Also, make sure that they keep an eye on your heart. I spent two years telling the clinic and my consultant that I was unusually breathless, only to be told that I wasn't clearing my lungs properly.After 60 years of doing it myself!!! Finally my daughter insisted on an ECG etc. I have AF, Tachycardia and heart failure. Now that I am on the correct drugs life is fine (apart from the badly treated bronchiectasis).
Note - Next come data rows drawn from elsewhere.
(* Let $L>0$, $N\ge 5$ an integer, $h=L/N$, $x_i=y_i=-\tfrac L2+ih$ for $i=0,\dots,N-1$, $\tau>0$, $p,q\in\mathbb{R}$. Let $\Gamma$ be an $L$-periodic function (extended periodically, i.e. $\Gamma(\xi)$ is evaluated as $\Gamma(((\xi+\tfrac L2)\bmod L)-\tfrac L2)$) with $\Gamma(-\xi)=\overline{\Gamma(\xi)}$, and write $\Gamma_{i,j}=\Gamma(x_i-y_j)$. Let $C$ be the $N\times N$ real symmetric circulant matrix of the fourth-order central difference second derivative with periodic boundary conditions, $(Cf)_i=\frac{-f_{i+2}+16f_{i+1}-30f_i+16f_{i-1}-f_{i-2}}{12h^2}$ (indices mod $N$), and for an $N\times N$ array $U$ define $(\mathfrak{D}_H U)_{i,j}=\sum_k C_{ik}U_{k,j}-\sum_k C_{jk}U_{i,k}$. Given an $N\times N$ Hermitian array $U^0$ ($U^0_{i,j}=\overline{U^0_{j,i}}$) and a real antisymmetric array $\Phi^{-1/2}$, define for $n\ge 0$ \[ \Phi^{n+\frac12}_{i,j}=2\bigl(U^n_{i,i}-U^n_{j,j}\bigr)-\Phi^{n-\frac12}_{i,j}, \] $U^{n+\frac12}$ as the solution of \[ U^{n+\frac12}_{i,j}-\tfrac{ip\tau}{2}(\mathfrak{D}_H U^{n+\frac12})_{i,j}-\tfrac{iq\tau}{2}\Phi^{n+\frac12}_{i,j}U^{n+\frac12}_{i,j}=U^n_{i,j}+\tfrac{iq\tau}{2}\Gamma_{i,j}\Phi^{n+\frac12}_{i,j}, \] and $U^{n+1}_{i,j}=2U^{n+\frac12}_{i,j}-U^n_{i,j}$. Let \[ I_0[U^n]=h^2\sum_{i=0}^{N-1}\sum_{j=0}^{N-1}\bigl|\Gamma_{i,j}+U^n_{i,j}\bigr|^2,\qquad I_1[U^n]=h\sum_{i=0}^{N-1}U^n_{i,i}. \] Then $I_0[U^{n+1}]=I_0[U^n]$ and $I_1[U^{n+1}]=I_1[U^n]$ for all $n\ge 0$.
   Context: This is the fully discrete relaxation–Crank–Nicolson scheme (fourth-order finite differences in space with periodic boundary conditions) for the equation $i\partial_t u+p(\Delta_x-\Delta_y)u+q(u(x,x,t)-u(y,y,t))(\Gamma(x-y)+u)=0$ on $[-\tfrac L2,\tfrac L2]^2$; $U^n_{i,j}$ approximates $u(x_i,y_j,n\tau)$ and $\Phi^{n+1/2}_{i,j}$ approximates $u(x_i,x_i,t)-u(y_j,y_j,t)$ at $t=(n+\tfrac12)\tau$. *)

From HB Require Import structures.
From mathcomp Require Import all_boot all_order all_algebra.
From mathcomp Require Import complex.
Unset Printing Implicit Defensive.
Import Order.TTheory GRing.Theory Num.Theory.
Local Open Scope ring_scope.
Local Open Scope complex_scope.

Definition hstep {R : rcfType} (L : R) (N : nat) : R := L / N%:R.

Definition xgrid {R : rcfType} (L : R) (N : nat) (i : 'I_N) : R :=
  - (L / 2) + i%:R * hstep L N.

Definition Gam {R : rcfType} (L : R) (N : nat) (Gamma : R -> R[i]) : 'M[R[i]]_N :=
  \matrix_(i, j) Gamma (xgrid L N i - xgrid L N j).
Again, good luck, keep your chin up
Actually my GP was more concerned about heart it seemed & he ordered Echogram, to see if have hypertension? It was all ok, altho I now know Inv Aspergullosis can cause damage to heart valves. So that was good of him. I was recently sweating far too much & not normal, armpits were ok, it was head & body & I had no appetite & lost 5 Kilo, but not so bad now cooled down. I already see everything Inv Asp can do, when researching into it & I ask my local chemist if I was over re acting about wanting to see my consultant ASAP & she said I am not over re acting & will end my life!! I do hope I have been referred by him to Prof Wilson, but have to wait for now. Thank you for yr reply & you are in much worse condition than I am, so make me feel selfish moaning about mine. So lovely to talk to you x
Hi Sandy, Really sorry to hear about all your problems. I have had problems with a consultant in the past. My answer was to ask my g.p. to get me a second opinion. This he did right away even discussing which hospital to go to and telling me which he knew to be very good. I saw new cons. within 2 weeks. I was fortunate to be able to pay £200.00 for a private consultation of an hour. He turned out excellent and said he would transfer me to NHS for future apps. You are entitled tons second opinion but I don't know how long waiting period on the NHS. Hope you get something sorted very quickly. Thinking of you barnowl
If my consultant has referred me to Prof Wilson @ Royal Brompton i will be happy, but cannot find out til next wk. So will be contacting hosp again then thru PALS of course, as they r very helpful. I was thinking of private second opinion as well, so see how it goes. Many thanks Sandy x
Hi Sandy, you have been given some great advice by Stillstanding and you need to URGENTLY insist on seeing the consultant. If he/she is too busy, they need to refer you as an URGENT PATIENT to another specialist who can treat you. Vfend is an antifungal medication and it's uses include the treatment of Invasive Aspergillosis. You need to let them know that you had to stop it due to serious side effects and you are sicker now. Good luck and let us know how you go. I wish you all the very bestxx
Hi, thank you, I have found people on here to be so kind & helpful & makes me feel less alone & I will keep in contact to say how things go or don,t go as is the case at the minute!
Sandy x
Hi Sandy, thanks - I just read your reply to Stillstanding. Good idea to ring PALS again and also ring secretary of consultant to get appt. If all else fails, ring the ambulance saying you feel very ill or something, so you get to see the consultant's team as they advised at A&E. By the sounds of things you need treatment URGENTLY. Best of luck darlxxx
Thank you so much, my replies are a bit long, I did not know you can all see them, so will try not to repeat myself so much. I was told by respiratory technician I need to be seen urgently on 2nd May but that got me nowhere either. My GP thinks I should have IV drugs as had re action to VFend? This not knowing is worst & fingers crossed. Not feeling too bad today, so going to shops . Sandy x
Have you been to nacpatients.org.uk
No I have'nt but I will look. It's so nice to have people understanding how I feel. My GP altho very nice, he has Dutch accent & softly spoken, so I have trouble hearing him at times. He never ask if I wanted to change consultant? I was ok with him my consultant til these past few months. I no longer live in London & bought my now address when my partner was Ill with cancer & only moved in after he died, so only know people to chat to in if we meet in car park, very lonely As my daughter lives in London, but I drive so pick her up to come stay & help when her little one not in school. Sorry, going on a bit, I will check out yr link. Many thanks Sandy
Hey! Don't be worried about "going on". This is the right place for it. A lot of folks here treat it as a drop in centre. 3 am is a lonely place and it often finds people having a chat. There a a lot of very welcoming and understanding people here.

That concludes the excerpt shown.